Late-Onset Calcinosis Cutis in a Patient with Juvenile Dermatomyositis: An Uncommon Treatment Challenge

Presentation Number: SAT 304
Date of Presentation: April 1st, 2017

Spandana Brown* and Laila Tabatabai
Houston Methodist Hospital, Houston, TX

Abstract

Background:Calcinosis cutis (CC) is commonly seen in juvenile dermatomyositis (JDM) and typically presents 1-3 years from diagnosis. However, late presentation of CC in adulthood is rare and portends more difficulty with management.

Case: A 28-year female with a past medical history of JDM diagnosed at the age of 18 was referred to endocrinology clinic for progressive CC and low bone density. She noticed subcutaneous nodules 2 years prior to presentation along her medial thighs, ankles and right upper calf. Despite control of her JDM with cyclosporine and IVIG, she continued to have progressive calcinosis in her lower extremities without skin ulcerations or joint involvement. Her initial lab values showed a calcium 10.2 mg/dL (8.6-10.5 mg/dL), phosphate 4.2 mg/dL (2.4-4.2 mg/dL) , PTH 20 pg/mL (12-65 pg/mL) and 25-OH vitamin D 69 ng/mL (>30 ng/mL). At 3-months she was unable to tolerate higher doses of diltiazem due to side effects and stopped this medication 1 month later. Additionally, she developed new nodules on her left calf. At this time, she was started on IV pamidronate daily for 3 days every 3 months for 1 year. As it was difficult to assess the patient’s CC progression based on her subjective reports, we proceeded to obtain CT imaging to objectively quantify her calcium burden, including smaller nodules which were not yet causing symptoms. Baseline CT imaging of her lower extremities confirmed lower-extremity subcutaneous calcium deposition and quantified total soft-tissue calcium volume at 4.28 cm3 (N 0.0 cm3). At 11 months, IV pamidronate was discontinued because her lesions continued to progress. She was restarted on a lower dose of diltiazem and colchicine which she tolerated well. Lab studies at this time showed slightly elevated phosphorus level of 4.3 mg/dL and 25-OH vitamin D of 70 ng/mL. She was advised to limit dairy product intake to 2 servings daily and consume non-vitamin D fortified foods. However, despite these interventions, she developed rapidly-progressing pain behind her left knee and ultrasound imaging revealed calcification of the semimembranosus and semitendinosus tendons. Repeat CT showed 126.7% increase in lower-extremity calcium volume. Referral was made to orthopedic surgery for intervention.

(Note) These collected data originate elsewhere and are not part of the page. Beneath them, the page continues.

Lemma chi_pairD a v w :
  chi_pair a (fun i => v i + w i) = chi_pair a v + chi_pair a w.
Proof. by rewrite /chi_pair -big_split; apply: eq_bigr => i _; rewrite mulrDr. Qed.

Lemma chi_pairZ a t v : chi_pair a (fun i => t * v i) = t * chi_pair a v.
Proof. by rewrite /chi_pair mulr_sumr; apply: eq_bigr => i _; rewrite mulrCA. Qed.

Lemma chi_pair0 a : chi_pair a (fun _ => 0) = 0.
Proof. by rewrite /chi_pair big1 // => i _; rewrite mulr0. Qed.

Lemma vnorm_sqr v : vnorm v ^+ 2 = \sum_i v i ^+ 2.
Proof. by rewrite sqr_sqrtr // sumr_ge0 // => i _; exact: sqr_ge0. Qed.

Lemma vnorm_gt0 v : v <> (fun _ => 0) -> 0 < vnorm v.
Proof.
move=> v_neq0; rewrite sqrtr_gt0 lt_def psumr_eq0 => [|i _]; last exact: sqr_ge0.
rewrite sumr_ge0 ?andbT => [|i _]; last exact: sqr_ge0.
apply: contra_notN v_neq0 => /allP v0; apply/funext => i.
by apply/eqP; rewrite -sqrf_eq0; apply: v0; exact: mem_index_enum.
Qed.

Lemma vnormZ t v : vnorm (fun i => t * v i) = `|t| * vnorm v.
Proof.
rewrite /vnorm -sqrtr_sqr -sqrtrM ?sqr_ge0 // mulr_sumr.
by congr Num.sqrt; apply: eq_bigr => i _; rewrite exprMn.
Qed.

Lemma vnorm_parallelogram v w :
  vnorm (fun i => v i + w i) ^+ 2 + vnorm (fun i => v i - w i) ^+ 2 =
  2 * vnorm v ^+ 2 + 2 * vnorm w ^+ 2.
Proof.
rewrite !vnorm_sqr !mulr_sumr -!big_split; apply: eq_bigr => i _ /=; ring.
Qed.

Lemma min_direction_chi K a lam :
  min_direction K a lam -> chi_pair a lam = - vnorm lam ^+ 2.
Proof.
case=> _ /vnorm_gt0 lam_gt0 _ lamE.
by rewrite -(divfK (lt0r_neq0 lam_gt0) (chi_pair a lam)) -[X in X * _]opprK -lamE mulNr.
Qed.

Lemma min_direction_value K a lam :
  min_direction K a lam -> chi_pair a lam / vnorm lam = - vnorm lam.
Proof. by case=> _ _ _ lamE; rewrite {2}lamE opprK. Qed.

Lemma min_direction_unique K a l1 l2 :
  (forall v w, K v -> K w -> K (fun i => v i + w i)) ->
  min_direction K a l1 -> min_direction K a l2 -> l1 = l2.
Proof.
move=> K_add min1 min2.
(* Minimality at [l1 + l2] forces [||l1 + l2|| >= ||l1|| + ||l2||], and the
   parallelogram law turns this equality case into [l1 = l2]. *)
have chi1 := min_direction_chi min1; have chi2 := min_direction_chi min2.
have val1 := min_direction_value min1; have val2 := min_direction_value min2.
case: min1 min2 => K1 l1_neq0 le1 _ [K2 l2_neq0 le2 _].
have N1 := vnorm_gt0 l1_neq0.
have N12 : vnorm l1 = vnorm l2.
  by have := le1 _ K2 l2_neq0; have := le2 _ K1 l1_neq0; rewrite val1 val2; lra.
pose w i := l1 i + l2 i.
have chiw : chi_pair a w = - 2 * vnorm l1 ^+ 2 by rewrite chi_pairD chi1 chi2 -N12; ring.
have w_neq0 : w <> (fun _ => 0).
  by move=> w0; move: chiw; rewrite w0 chi_pair0; nra.
have Nw := vnorm_gt0 w_neq0.
have Nw_ge : 2 * vnorm l1 <= vnorm w.
  by have := le1 _ (K_add _ _ K1 K2) w_neq0; rewrite val1 chiw ler_pdivlMr //; nra.
have par := vnorm_parallelogram l1 l2; rewrite -N12 in par.
have d0 : (fun i => l1 i - l2 i) = (fun _ => 0).
  by apply: contrapT => /vnorm_gt0 Nd; rewrite -/w in par; nra.
apply/funext => i; apply/eqP; rewrite -subr_eq0; apply/eqP.
exact: (congr1 (fun f => f i) d0).
Qed.

Lemma normalized_sumsqr v :
  v <> (fun _ => 0) -> \sum_i ((vnorm v)^-1 * v i) ^+ 2 = 1.
Proof.
move=> /vnorm_gt0 Nv.
by rewrite -vnorm_sqr vnormZ ger0_norm ?invr_ge0 ?ltW // mulVf ?expr1n ?lt0r_neq0.
Qed.

Lemma min_direction_exists k (c : 'I_r -> 'I_k -> RR) (P : pred 'I_r) a v0 :
  polycone c P v0 -> chi_pair a v0 < 0 ->
  exists lam, min_direction (polycone c P) a lam.
Proof.
move=> v0_cone chi_v0.
have normalize_cone v : polycone c P v -> polycone c P (fun i => (vnorm v)^-1 * v i).
  by apply: polyconeZ; rewrite invr_ge0 sqrtr_ge0.
have v0_neq0 : v0 <> (fun _ => 0).
  by move=> v00; move: chi_v0; rewrite v00 chi_pair0 ltxx.
have [w [w_cone w1 w_min]] := unit_polycone_linear_min a
  (normalize_cone _ v0_cone) (normalized_sumsqr v0_neq0).
pose M := chi_pair a w.
have M_le v : polycone c P v -> v <> (fun _ => 0) -> M <= chi_pair a v / vnorm v.
  move=> v_cone v_neq0.
  have : M <= chi_pair a (fun i => (vnorm v)^-1 * v i).
    exact: w_min (normalize_cone _ v_cone) (normalized_sumsqr v_neq0).
  by rewrite chi_pairZ mulrC.
have M_lt0 : M < 0.
  apply: le_lt_trans (M_le _ v0_cone v0_neq0) _.
  by rewrite pmulr_llt0 ?invr_gt0 ?vnorm_gt0.
have Nw : vnorm w = 1 by rewrite /vnorm w1 sqrtr1.
have Nlam : vnorm (fun i => - M * w i) = - M.
  by rewrite vnormZ Nw mulr1 ger0_norm // oppr_ge0 ltW.
have val : chi_pair a (fun i => - M * w i) / vnorm (fun i => - M * w i) = M.
  by rewrite Nlam chi_pairZ -/M mulrC mulKf // oppr_eq0 lt_eqF.
exists (fun i => - M * w i); split.
- by apply: polyconeZ => //; rewrite oppr_ge0 ltW.
- by move=> lam0; have := chi_pairZ a (- M) w; rewrite lam0 chi_pair0 -/M; nra.
- by move=> v v_cone v_neq0; rewrite val; exact: M_le.
- by rewrite val Nlam.
Qed.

Conclusion: The management of CC is extremely challenging, especially when it develops later in the course of JDM. There are currently no uniformly effective regimens to treat this debilitating condition. Medications including bisphosphonates, calcium-channel blockers, sodium thiosulfate and others may be effective, but results vary widely. Surgical intervention is necessary when calcifications cause severe pain or limit mobility. Additionally, to our knowledge, ours is the first case in which radiologic quantification of calcium volume was performed in a patient with CC secondary to JDM; this may serve as an effective method to monitor response to treatment.